[RECORDS SUPPLIED — start]
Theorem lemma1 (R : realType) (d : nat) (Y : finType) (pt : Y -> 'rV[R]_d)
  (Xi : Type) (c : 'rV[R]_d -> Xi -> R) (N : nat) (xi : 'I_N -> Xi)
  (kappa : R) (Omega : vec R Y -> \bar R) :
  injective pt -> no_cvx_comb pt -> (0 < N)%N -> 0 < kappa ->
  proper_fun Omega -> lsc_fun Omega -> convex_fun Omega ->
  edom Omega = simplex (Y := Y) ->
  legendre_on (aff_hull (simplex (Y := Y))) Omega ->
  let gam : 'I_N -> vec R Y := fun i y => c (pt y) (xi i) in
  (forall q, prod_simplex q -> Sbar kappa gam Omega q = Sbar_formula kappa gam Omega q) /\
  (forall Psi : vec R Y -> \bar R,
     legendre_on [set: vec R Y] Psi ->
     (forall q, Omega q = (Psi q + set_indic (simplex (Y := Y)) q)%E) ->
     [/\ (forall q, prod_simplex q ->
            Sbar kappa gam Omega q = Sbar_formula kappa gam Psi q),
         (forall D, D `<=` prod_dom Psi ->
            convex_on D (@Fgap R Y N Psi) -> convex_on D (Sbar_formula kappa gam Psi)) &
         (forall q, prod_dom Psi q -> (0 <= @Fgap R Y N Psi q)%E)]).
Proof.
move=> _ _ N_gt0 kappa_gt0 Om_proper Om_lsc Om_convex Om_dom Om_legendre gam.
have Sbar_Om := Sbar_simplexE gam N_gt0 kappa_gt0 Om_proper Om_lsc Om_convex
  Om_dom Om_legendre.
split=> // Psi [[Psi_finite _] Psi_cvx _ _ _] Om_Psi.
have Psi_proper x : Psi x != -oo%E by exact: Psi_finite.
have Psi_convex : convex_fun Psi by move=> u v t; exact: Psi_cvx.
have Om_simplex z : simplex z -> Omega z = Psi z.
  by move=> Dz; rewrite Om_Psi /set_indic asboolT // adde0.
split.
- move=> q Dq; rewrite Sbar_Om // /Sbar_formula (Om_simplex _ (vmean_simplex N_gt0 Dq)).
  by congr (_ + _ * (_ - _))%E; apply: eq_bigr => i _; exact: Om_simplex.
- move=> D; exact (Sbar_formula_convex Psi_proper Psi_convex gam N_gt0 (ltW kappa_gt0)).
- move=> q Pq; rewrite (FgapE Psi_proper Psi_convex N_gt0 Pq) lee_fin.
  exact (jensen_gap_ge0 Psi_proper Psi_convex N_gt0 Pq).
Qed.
[RECORDS SUPPLIED — finish]
AIM OF THE EXERCISE:
All the entries should be output exactly as given.

ANSWER SPACE:
Theorem lemma1 (R : realType) (d : nat) (Y : finType) (pt : Y -> 'rV[R]_d)
  (Xi : Type) (c : 'rV[R]_d -> Xi -> R) (N : nat) (xi : 'I_N -> Xi)
  (kappa : R) (Omega : vec R Y -> \bar R) :
  injective pt -> no_cvx_comb pt -> (0 < N)%N -> 0 < kappa ->
  proper_fun Omega -> lsc_fun Omega -> convex_fun Omega ->
  edom Omega = simplex (Y := Y) ->
  legendre_on (aff_hull (simplex (Y := Y))) Omega ->
  let gam : 'I_N -> vec R Y := fun i y => c (pt y) (xi i) in
  (forall q, prod_simplex q -> Sbar kappa gam Omega q = Sbar_formula kappa gam Omega q) /\
  (forall Psi : vec R Y -> \bar R,
     legendre_on [set: vec R Y] Psi ->
     (forall q, Omega q = (Psi q + set_indic (simplex (Y := Y)) q)%E) ->
     [/\ (forall q, prod_simplex q ->
            Sbar kappa gam Omega q = Sbar_formula kappa gam Psi q),
         (forall D, D `<=` prod_dom Psi ->
            convex_on D (@Fgap R Y N Psi) -> convex_on D (Sbar_formula kappa gam Psi)) &
         (forall q, prod_dom Psi q -> (0 <= @Fgap R Y N Psi q)%E)]).
Proof.
move=> _ _ N_gt0 kappa_gt0 Om_proper Om_lsc Om_convex Om_dom Om_legendre gam.
have Sbar_Om := Sbar_simplexE gam N_gt0 kappa_gt0 Om_proper Om_lsc Om_convex
  Om_dom Om_legendre.
split=> // Psi [[Psi_finite _] Psi_cvx _ _ _] Om_Psi.
have Psi_proper x : Psi x != -oo%E by exact: Psi_finite.
have Psi_convex : convex_fun Psi by move=> u v t; exact: Psi_cvx.
have Om_simplex z : simplex z -> Omega z = Psi z.
  by move=> Dz; rewrite Om_Psi /set_indic asboolT // adde0.
split.
- move=> q Dq; rewrite Sbar_Om // /Sbar_formula (Om_simplex _ (vmean_simplex N_gt0 Dq)).
  by congr (_ + _ * (_ - _))%E; apply: eq_bigr => i _; exact: Om_simplex.
- move=> D; exact (Sbar_formula_convex Psi_proper Psi_convex gam N_gt0 (ltW kappa_gt0)).
- move=> q Pq; rewrite (FgapE Psi_proper Psi_convex N_gt0 Pq) lee_fin.
  exact (jensen_gap_ge0 Psi_proper Psi_convex N_gt0 Pq).
Qed.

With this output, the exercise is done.